Y sigue diciendo: Cuando el alma llega a verse iluminada en la alta oración contemplativa, «se ve claramente indignísima, porque en pieza a donde entra mucho sol no hay telaraña escondida; ve su miseria… Se le representa su vida pasada y la gran misericordia de Dios» (Vida 19,2). «Es como el agua que está en un vaso, que si no le da el sol está muy clara; si da en él, se ve que está todo lleno de motas. Al pie de la letra es esta comparación: antes de estar el alma en este éxtasis le parece que trae cuidado de no ofender a Dios y que, conforme a sus fuerzas, hace lo que puede; pero llegada aquí, que le da este Sol de Justicia que la hace abrir los ojos, ve tantas motas que los querría volver a cerrar… se ve toda turbia. Se acuerda del verso que dice: “¿Quién será justo delante de ti?” (Sal 142,2)» (Vida 20,28-29).

Cuando el examen de conciencia se hace mirando a Dios en Cristo, el pecador ve su pecado no simplemente como falla personal, sino como ofensa contra Dios.

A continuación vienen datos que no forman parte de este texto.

(* Let $(X,\rho)$, $X_0$, $\mu_x^U$, $\mathcal H(U)$, $\mathcal U_0$ be as in the context, and suppose that there exist $\alpha\in(0,1)$ and $K\ge1$ such that for all $U(x_0,R)\in\mathcal U_0$ and all $h\in\mathcal H_b^+(U(x_0,R))$ one has $\sup_{U(x_0,\alpha R)}h\le K\inf_{U(x_0,\alpha R)}h$. Then: 1. For all $U(x_0,R)\in\mathcal U_0$ and all $h\in\mathcal H^+(U(x_0,R))$, $\sup_{U(x_0,\alpha R)}h\le K\inf_{U(x_0,\alpha R)}h$. 2. If for all $U\in\mathcal U(X_0)$ the functions in $\mathcal H_b^+(U)$ are continuous on $U$, then for all $U\in\mathcal U(X_0)$ the functions in $\mathcal H^+(U)$ are continuous on $U$.
   Context: $(X,\rho)$ is a separable metric space; $\mathcal M(X)$ denotes the finite Borel measures on $X$ (also regarded on universally measurable sets), $\|\mu\|:=\mu(X)$, $\varepsilon_x$ the Dirac measure. For open $Y\subseteq X$, $\mathcal U(Y)$ is the set of open $U$ with $\overline U\subseteq Y$. $X_0\subseteq X$ is open. For every $x\in X$ and $U\in\mathcal U(X_0)$ a measure $\mu_x^U\in\mathcal M(X)$ is given such that for all $x$ and $U,V\in\mathcal U(X_0)$: (M0) $\mu_x^U(U)=0$, $\|\mu_x^U\|\le1$, $\mu_x^U=\varepsilon_x$ if $x\notin U$; (M1) $y\mapsto\mu_y^U(E)$ is universally measurable for every Borel $E$, and $\mu_x^U=\int\mu_y^U\,d\mu_x^V(y)$ whenever $V\subseteq U$. For $U\in\mathcal U(X_0)$, $\mathcal H(U)$ is the set of universally measurable real functions $h$ on $X$ such that for all $V\in\mathcal U(U)$ and $x\in V$, $h$ is $\mu_x^V$-integrable with $\int h\,d\mu_x^V=h(x)$; $\mathcal H^+(U)$, $\mathcal H_b^+(U)$ are its nonnegative, resp. bounded nonnegative, elements. $U(x,r)$ is the open $\rho$-ball, $R_0(x):=\sup\{r>0:\overline{U(x,r)}\subseteq X_0\}$ for $x\in X_0$, and $\mathcal U_0:=\{U(x,r):x\in X_0,\ r<R_0(x)\}$. *)

From HB Require Import structures.
From mathcomp Require Import all_boot all_order all_algebra.
From mathcomp Require Import all_classical all_reals all_analysis measurable_realfun.
Set Implicit Arguments. Unset Strict Implicit. Unset Printing Implicit Defensive.
Import Order.TTheory GRing.Theory Num.Theory.
Local Open Scope classical_set_scope.
Local Open Scope ring_scope.

Section defs.
Context {d : measure_display} {X : measurableType d} {R : realType}.
Implicit Types (rho : X -> X -> R).

Definition is_metric rho : Prop :=
  [/\ (forall x y, 0 <= rho x y), (forall x y, rho x y = 0 <-> x = y),
      (forall x y, rho x y = rho y x) &
      (forall x y z, rho x z <= rho x y + rho y z)].

Definition rball rho (x : X) (r : R) : set X := [set y | rho x y < r].

Definition ropen rho (U : set X) : Prop :=
  forall x, U x -> exists r : R, 0 < r /\ rball rho x r `<=` U.

Definition rclosure rho (A : set X) : set X :=
  [set x | forall r : R, 0 < r -> exists y, A y /\ rho x y < r].

Definition rseparable rho : Prop :=
  exists D : set X, countable D /\
    forall x (r : R), 0 < r -> exists y, D y /\ rho x y < r.

Definition rborel rho : Prop :=
  forall A : set X, measurable A <-> <<s ropen rho >> A.

Definition rcont_on rho (U : set X) (h : X -> R) : Prop :=
  forall x, U x -> forall e : R, 0 < e -> exists dl : R, 0 < dl /\
    forall y, U y -> rho x y < dl -> `|h y - h x| < e.

Definition calU rho (Y U : set X) : Prop := ropen rho U /\ rclosure rho U `<=` Y.

Definition R0 rho (X0 : set X) (x : X) : \bar R :=
  ereal_sup [set r%:E | r in [set r : R | 0 < r /\ rclosure rho (rball rho x r) `<=` X0]].

Definition umeas (A : set X) : Prop :=
  forall nu : {measure set X -> \bar R}, (nu setT < +oo)%E ->
    exists B C : set X, [/\ measurable B, measurable C, B `<=` A, A `<=` C &
                            nu (C `\` B) = 0%E].

Definition umeas_fun (h : X -> R) : Prop :=
  forall B : set R, measurable B -> umeas (h @^-1` B).

Definition umeas_efun (f : X -> \bar R) : Prop :=
  forall B : set (\bar R), measurable B -> umeas (f @^-1` B).

Definition cintegrable (nu : {measure set X -> \bar R}) (h : X -> R) : Prop :=
  (@completed_measure_extension _ _ _ nu).-integrable setT (fun x => (h x)%:E).

Definition cintegral (nu : {measure set X -> \bar R}) (f : X -> \bar R) : \bar R :=
  (\int[@completed_measure_extension _ _ _ nu]_x f x)%E.

(** hypotheses (M0), (M1) on the family mu U x = mu_x^U *)
Definition M0 rho (X0 : set X) (mu : set X -> X -> {measure set X -> \bar R}) : Prop :=
  forall (x : X) (U : set X), calU rho X0 U ->
    [/\ mu U x U = 0%E, (mu U x setT <= 1)%E &
        (~ U x -> forall E, measurable E -> mu U x E = \d_x E)].
(* exp_len q c L : the expected codeword length of c under TDGD(q) is the
   finite value L (if the series diverges, the expected length is +infinity
   and no L satisfies this). *)
Definition exp_len (q : R) (c : nat -> nat -> list bool) (L : R) : Prop :=
  Un_cv (partial_exp_len q c) L.

Definition optimal_code (q : R) (c : nat -> nat -> list bool) : Prop :=
  prefix_code c /\
  exists L, exp_len q c L /\
    forall c' L', prefix_code c' -> exp_len q c' L' -> L <= L'.

(* Suppose two symbols of the same signature have codewords u and v ++ [b]
   with |u| < |v|.  Make v ++ [b] a sibling of u (its leaf moves up at least
   one level, u's leaf moves down one) and move the subtree rooted at the
   sibling v ++ [negb b] of the removed leaf up to v (all its leaves move up
   one level).  The result is again a full prefix code; as the two symbols
   have the same probability and the lifted subtree contains a leaf of
   positive probability, its expected length is strictly smaller. *)

From Stdlib Require Import Reals List Lra Lia Classical Wf_nat.
Import ListNotations.
Open Scope R_scope.

Definition comparable (u w : list bool) : Prop := is_prefix u w \/ is_prefix w u.

Lemma is_prefix_refl u : is_prefix u u.
Proof. exists []; now rewrite app_nil_r. Qed.

Lemma is_prefix_app u s : is_prefix u (u ++ s).
Proof. now exists s. Qed.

Y lo más valioso: ve siempre su negrura en el fondo luminoso de la misericordia divina.

El examen, como vemos, hay que hacerlo –a la luz de la fe, mirando a Dios, pues si uno lo hace mirándose a sí mismo, será como asomarse a mirar en un pozo bien oscuro. Y mirando a Cristo, ha de hacerse también –en la caridad, actualizando ésta intensamente, pues sólo amando mucho al Señor, podrá ser advertida la gravedad de las faltas, por mínima que sea. (Como alguien, pinchando con un alfiler las piernas del Crucificado, si falla la caridad, pensara que ese horror era cosa mínima: el pinchacito de un alfiler). El examen ha de hacerse –en la abnegación de la propia voluntad, pues ésta influye en el juicio, y en tanto permanezca asida a su mal, no nos dejará verlo como malo. –En la humildad, ya que el soberbio o vanidoso es incapaz de reconocer sus pecados, es incorregible, mientras que sólo el humilde, en la medida en que lo es, está abierto a la verdad, sea cual fuere. –En la profundidad, no limitando el examen a un recuento superficial de actos malos, sino tratando de descubrir sus malas raíces, cuál es la causa más profunda de esas resistencias habituales a la gracia. (Una joven, por ejemplo, que se acusa siempre en confesión de su mal genio, sin saber que continuará en tanto se resista a aceptar su soltería prolongada). Así realizado, el examen de conciencia, como práctica diaria o frecuente, unido a la confesión frecuente, –como en el Canon 664 la Iglesia se establece para los religiosos–, ayuda mucho al crecimiento espiritual.

 

2.–Contrición                     

La contrición hay que procurarla en la caridad, mirando a Dios. Es el acto fundamental de la penitencia. «Contemplad al Señor y quedaréis radiantes» (Sal 33,6). Cuanto más encendido el amor a Dios, más profundo el dolor de ofenderle. Pedro, que tanto amaba a Jesús, después de negarle tres veces, «lloró amargamente» (Lc 22,61-62)… Dios quiere, mirando por nuestro bien, que los pecadores lloremos nuestros pecados: «Convertíos a mí –nos dice–, en ayuno, en llanto y en gemido; rasgad vuestros corazones» (Joel 2,12-13). El que poco ama al Señor, poco se duele por haberle ofendido. Capta más su pecado como fracaso personal, como causa de perjuicios y penalidades, que como ofensa del Salvador. Si Cristo llora por el pecado de Jerusalén (Lc 19,41-44), ¿cómo no habremos de llorar los pecadores nuestros propios pecados?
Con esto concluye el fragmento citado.